# Recommend me a router with strong wireless signal



## Fatal1ty39 (Sep 24, 2012)

Hi

my friend asked me to recommend him a wireless router that has a strong signal.his budget is €100.he wants  it cover the house and he also wants to have a good signal in his basement
so can you guys a router so i can tell him about it.


Many thanks


----------



## Jetster (Sep 24, 2012)

ASUS EA-N66 
or
Cisco E4200
http://homestore.cisco.com/en-us/Ro...-router_stcVVproductId133604734VVviewprod.htm

or
Netgear WNDR3800 N600 
NETGEAR WNDR3700

Read the reviews here

http://www.smallnetbuilder.com/wireless/wireless-reviews


----------



## solofly (Sep 28, 2012)

My Linksys E4200 V1 broke down after 14 months of use.
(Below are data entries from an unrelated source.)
(* Let $m\ge 1$, $N=2^m$, let $\mathcal{A}\subseteq[0,N-1]$ with complement $\mathcal{A}^c=[0,N-1]\setminus\mathcal{A}$, and let $\mathbf{P}\in\mathbb{F}_2^{N\times N}$ be upper triangular with all diagonal entries equal to $1$. Then $$\mathcal{C}_{\mathbf{P}\boldsymbol{G}_N}(\mathcal{A})^{\perp}=\mathcal{C}_{(\mathbf{P}^{t})^{-1}\boldsymbol{G}_N\mathbf{Q}_{\pi}\boldsymbol{G}_N}(\mathcal{A}^c).$$
   Context: $[\ell,u]=\{\ell,\ell+1,\dots,u\}$. $\boldsymbol{G}_N=\begin{pmatrix}1&0\\1&1\end{pmatrix}^{\otimes m}$ over $\mathbb{F}_2$, rows and columns indexed by $0,\dots,N-1$. For a matrix $\mathbf{B}\in\mathbb{F}_2^{N\times N}$ and a set $\mathcal{S}\subseteq[0,N-1]$, $\mathcal{C}_{\mathbf{B}}(\mathcal{S})$ denotes the binary linear code spanned by the rows of $\mathbf{B}$ with indices in $\mathcal{S}$. The code $\mathcal{C}_{\mathbf{P}\boldsymbol{G}_N}(\mathcal{A})$ with $\mathbf{P}$ upper triangular with unit diagonal is called an upper polynomial polar code. $\mathbf{Q}_{\pi}$ is the $N\times N$ permutation matrix of the permutation $\pi$ of $[0,N-1]$ swapping $i$ and $N-1-i$ for every $i$. $\perp$ denotes the dual code with respect to the standard inner product $\boldsymbol{v}\cdot\boldsymbol{w}=\sum_i v_iw_i$ over $\mathbb{F}_2$; $\mathbf{P}^t$ is the transpose. *)

From mathcomp Require Import all_boot all_algebra.
From mathcomp Require Import fingroup perm.
Set Implicit Arguments. Unset Strict Implicit. Unset Printing Implicit Defensive.
Import GRing.Theory.
Local Open Scope ring_scope.

(* Base kernel F = [[1,0],[1,1]] over F_2, indexed by nat in {0,1}. *)
Definition kerF (a b : nat) : 'F_2 := if (b <= a)%N then 1 else 0.

(* Entries of the m-fold Kronecker power F^{(x)m}, first factor outermost:
   (A (x) B)(i,j) = A(i / n, j / n) * B(i mod n, j mod n). *)
Fixpoint Gentry (m : nat) (i j : nat) : 'F_2 :=
  match m with
  | 0 => 1
  | k.+1 => kerF (i %/ 2 ^ k) (j %/ 2 ^ k) * Gentry k (i %% 2 ^ k) (j %% 2 ^ k)
  end.

Definition GN (m : nat) : 'M['F_2]_(2 ^ m) := \matrix_(i, j) Gentry m i j.

Definition Qpi (n : nat) : 'M['F_2]_n := perm_mx (perm (@rev_ord_inj n)).

Definition code n (B : 'M['F_2]_n) (S : {set 'I_n}) : {set 'rV['F_2]_n} :=
  [set v : 'rV['F_2]_n | (v <= \sum_(i in S) <<row i B>>)%MS].

Definition dual n (C : {set 'rV['F_2]_n}) : {set 'rV['F_2]_n} :=
  [set w : 'rV['F_2]_n | [forall v in C, \sum_i v 0 i * w 0 i == 0]].

Definition upper_unitri n (P : 'M['F_2]_n) : Prop :=
  (forall i j : 'I_n, (j < i)%N -> P i j = 0) /\ (forall i : 'I_n, P i i = 1).

From mathcomp Require Import all_boot all_algebra.
From mathcomp Require Import fingroup perm zify.
Set Implicit Arguments. Unset Strict Implicit. Unset Printing Implicit Defensive.
Import GRing.Theory.
Local Open Scope ring_scope.

(* Put [B = P G_N] and [M = (P^t)^-1 G_N Q_pi G_N]. If [B M^t = 1], then the
   coordinates of any [w] in the basis formed by the rows of [M] are [w B^t],
   and their [i]-th entry is the inner product of [w] with row [i] of [B]; so
   [w] is orthogonal to the rows of [B] indexed by [A] iff it is a combination
   of the rows of [M] indexed by the complement of [A]. Over [F_2] the block
   decompositions [G_2N = [[G_N, 0], [G_N, G_N]]] and
   [Q_2N = [[0, Q_N], [Q_N, 0]]] show by induction that [G_N] is an involution
   and that [G_N^t = G_N Q_pi G_N]; hence [M^t = G_N P^-1] and [B M^t = 1]. *)

Lemma addrr_F2 (V : lmodType 'F_2) (x : V) : x + x = 0.
Proof.
by rewrite -[x]scale1r -scalerDl (_ : 1 + 1 = 0) ?scale0r //; apply/eqP.
Qed.

Lemma dot_mulmx_tr n (v w : 'rV['F_2]_n) :
  \sum_i v 0 i * w 0 i = (v *m w^T) 0 0.
Proof. by rewrite mxE; apply: eq_bigr => i _; rewrite mxE. Qed.

Lemma mem_code n (B : 'M['F_2]_n) (S : {set 'I_n}) w :
  reflect (exists2 c : 'rV_n, forall i, i \notin S -> c 0 i = 0 & w = c *m B)
          (w \in code B S).
Proof.
rewrite inE; apply: (iffP (sub_sums_genmxP _ _ _)) => [[u ->] | [c c0 ->]].
  exists (\row_i (if i \in S then u i 0 0 else 0)).
    by move=> i /negbTE iS; rewrite mxE iS.
  rewrite mulmx_sum_row big_mkcond; apply: eq_bigr => i _; rewrite mxE.
  by case: ifP; rewrite ?scale0r // {1}[u i]mx11_scalar mul_scalar_mx.
exists (fun i => (c 0 i)%:M).
rewrite mulmx_sum_row (bigID (mem S)) /= addrC big1 ?add0r => [|i /c0->].
  by apply: eq_bigr => i _; rewrite mul_scalar_mx.
by rewrite scale0r.
Qed.

Lemma mem_dual_code n (B : 'M['F_2]_n) (S : {set 'I_n}) w :
  (w \in dual (code B S)) = [forall i in S, (w *m B^T) 0 i == 0].
Proof.
have dotE i : (w *m B^T) 0 i = \sum_j (row i B) 0 j * w 0 j.
  by rewrite mxE; apply: eq_bigr => j _; rewrite !mxE mulrC.
rewrite inE; apply/forall_inP/forall_inP => [orth i iS | wS v].
  rewrite dotE; apply: orth; apply/mem_code.
  exists (delta_mx 0 i); last exact: rowE.
  by move=> j jS; rewrite mxE eqxx; case: eqP => // ji; rewrite ji iS in jS.
case/mem_code=> c c0 ->; rewrite dot_mulmx_tr -mulmxA.
rewrite -[B *m _]trmxK trmx_mul trmxK -dot_mulmx_tr; apply/eqP/big1 => i _.
have [iS|/c0->] := boolP (i \in S); last by rewrite mul0r.
by rewrite (eqP (wS i iS)) mulr0.
Qed.

Section Biorthogonal.

Variables (n : nat) (B M : 'M['F_2]_n).
Hypothesis BMt1 : B *m M^T = 1%:M.

Lemma mem_code_biorth (S : {set 'I_n}) w :
  (w \in code M S) = [forall i in ~: S, (w *m B^T) 0 i == 0].
Proof.
have MBt1 : M *m B^T = 1%:M by rewrite -[M]trmxK -trmx_mul BMt1 trmx1.
have BtM1 : B^T *m M = 1%:M by apply: mulmx1C.
apply/mem_code/forall_inP => [[c c0 ->] i | wS].
  by rewrite -mulmxA MBt1 mulmx1 inE => /c0->.
exists (w *m B^T); last by rewrite -mulmxA BtM1 mulmx1.
by move=> i iS; apply/eqP/wS; rewrite inE.
Qed.

Lemma dual_code_biorth (S : {set 'I_n}) : dual (code B S) = code M (~: S).
Proof. by apply/setP => w; rewrite mem_dual_code mem_code_biorth setCK. Qed.

End Biorthogonal.

Lemma mulmx_castmx (R : pzSemiRingType) n n' (e : n = n') (A B : 'M[R]_n) :
  castmx (e, e) A *m castmx (e, e) B = castmx (e, e) (A *m B).
Proof. by case: n' / e. Qed.

Lemma castmx_scalar (R : pzSemiRingType) n n' (e : n = n') (a : R) :
  castmx (e, e) a%:M = a%:M.
Proof. by case: n' / e. Qed.

Lemma exp2S_addnn m : (2 ^ m + 2 ^ m = 2 ^ m.+1)%N.
Proof. by rewrite expnS mul2n addnn. Qed.

Local Notation castN m := (castmx (exp2S_addnn m, exp2S_addnn m)).

Lemma divn_exp2D m (a : 'I_(2 ^ m)) : ((2 ^ m + a) %/ 2 ^ m = 1)%N.
Proof. by rewrite divnDl // divnn expn_gt0 divn_small. Qed.

Lemma GN_block m : GN m.+1 = castN m (block_mx (GN m) 0 (GN m) (GN m)).
Proof.
apply/esym/(canLR (castmxKV _ _)); apply/matrixP => i j.
rewrite -[i]splitK -[j]splitK; case: (split i) => a; case: (split j) => b.
all: rewrite castmxE /= ?(block_mxEul, block_mxEur, block_mxEdl, block_mxEdr).
all: rewrite !mxE /=.
all: by rewrite ?modnDl ?divn_exp2D !modn_small ?divn_small ?mul1r ?mul0r.
Qed.

Lemma Qpi_block m :
  Qpi (2 ^ m.+1) = castN m (block_mx 0 (Qpi (2 ^ m)) (Qpi (2 ^ m)) 0).
Proof.
apply/esym/(canLR (castmxKV _ _)); apply/matrixP => i j.
rewrite -[i]splitK -[j]splitK; case: (split i) => a; case: (split j) => b.
all: rewrite castmxE /= ?(block_mxEul, block_mxEur, block_mxEdl, block_mxEdr).
all: rewrite !mxE /= !permE -?val_eqE /=.
all: move: (ltn_ord a) (ltn_ord b); rewrite -exp2S_addnn => lta ltb.
- by rewrite (_ : _ == _ = false) //; apply/eqP; lia.
- by congr (_ %:R); apply/eqP/eqP; lia.
- by congr (_ %:R); apply/eqP/eqP; lia.
- by rewrite (_ : _ == _ = false) //; apply/eqP; lia.
Qed.

Lemma GN0 : GN 0 = 1%:M.
Proof.
by apply/matrixP => i j; rewrite !mxE; case: i j => [[]//] ? [[]//].
Qed.

Lemma Qpi1 : Qpi 1 = 1%:M.
Proof.
by apply/matrixP => i j; rewrite !mxE permE; case: i j => [[]//] ? [[]//].
Qed.

Lemma GN_involutive m : GN m *m GN m = 1%:M.
Proof.
elim: m => [|m IHm]; first by rewrite GN0 mulmx1.
rewrite GN_block mulmx_castmx mulmx_block IHm !mulmx0 !mul0mx !addr0 !add0r.
by rewrite addrr_F2 -scalar_mx_block castmx_scalar.
Qed.

Lemma trmx_GN m : (GN m)^T = GN m *m Qpi (2 ^ m) *m GN m.
Proof.
elim: m => [|m IHm]; first by rewrite GN0 Qpi1 trmx1 !mulmx1.
rewrite GN_block Qpi_block !mulmx_castmx trmx_cast tr_block_mx trmx0.
rewrite !mulmx_block.
by rewrite !mulmx0 !mul0mx !addr0 !add0r addrr_F2 mul0mx add0r -IHm.
Qed.

Lemma upper_unitri_unitmx n (P : 'M['F_2]_n) : upper_unitri P -> P \in unitmx.
Proof.
case=> Plow Pdiag; rewrite unitmxE -det_tr det_trig.
  by rewrite big1 ?unitr1 // => i _; rewrite mxE Pdiag.
by apply/is_trig_mxP => i j ji; rewrite mxE Plow.
Qed.

Theorem theorem1 (m : nat) (A : {set 'I_(2 ^ m)}) (P : 'M['F_2]_(2 ^ m)) :
  (1 <= m)%N -> upper_unitri P ->
  dual (code (P *m GN m) A) =
  code (invmx P^T *m GN m *m Qpi (2 ^ m) *m GN m) (~: A).
Proof.
move=> _ /upper_unitri_unitmx unitP; apply: dual_code_biorth.
rewrite -!mulmxA (mulmxA (GN m)) -trmx_GN trmx_mul trmxK trmx_inv trmxK.
by rewrite (mulmxA (GN m)) GN_involutive mul1mx mulmxV.
Qed.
I wouldn't recommend it. (tho my E3000 and 610N still work fine) Go for the Asus... (Trendnet or Netgear would be my second choice)


----------



## brandonwh64 (Sep 28, 2012)

Just get a wireless router of your preference speed and upgrade the antennas


----------



## 3870x2 (Sep 28, 2012)

Anything with Wireless-N, movable antennae, and capable of running DD-WRT.  Something that offers external anennas is very helpful.


----------



## Liquid Cool (Sep 28, 2012)

I've installed the D-Link Dir-655 in half a dozen homes and have never had one come back.  I use one in my own home as well.  I've had Ruko, Ooma, and half a dozen pc's running through it for the last year without a hitch.

I did install the unit in one home that is 'very' long and they're only get 3-4 bars in the back bedrooms, so if anyone has good ideas on some better antennas that are compatible, I'm a willing listener. 

The Dir-655 is not dual band though...if I'm recalling correctly.  Refurbs are 44.99 and the regular units are on sale at the Egg for 59.99.

Best,

Liquid Cool


----------



## VulkanBros (Sep 28, 2012)

Liquid Cool said:


> I've installed the D-Link Dir-655 in half a dozen homes and have never had one come back.  I use one in my own home as well.  I've had Ruko, Ooma, and half a dozen pc's running through it for the last year without a hitch.
> 
> I did install the unit in one home that is 'very' long and they're only get 3-4 bars in the back bedrooms, so if anyone has good ideas on some better antennas that are compatible, I'm a willing listener.
> 
> ...




My first choice too - My DIR-655 never let me down and has one of the best signal range in that class


----------



## remixedcat (Sep 28, 2012)

most NETGEARs will run DDWRT and mine has been really good with good range... I recommend them.


----------



## Fatal1ty39 (Sep 28, 2012)

i will check the D-link DIR-655.he does have a tp-link router which covers his home just fine but its the basement that doesn't get a good coverage usually between 1-2 bars max and it always disconnects.

brandonwh64 what brand of antenna do you recommend getting.


----------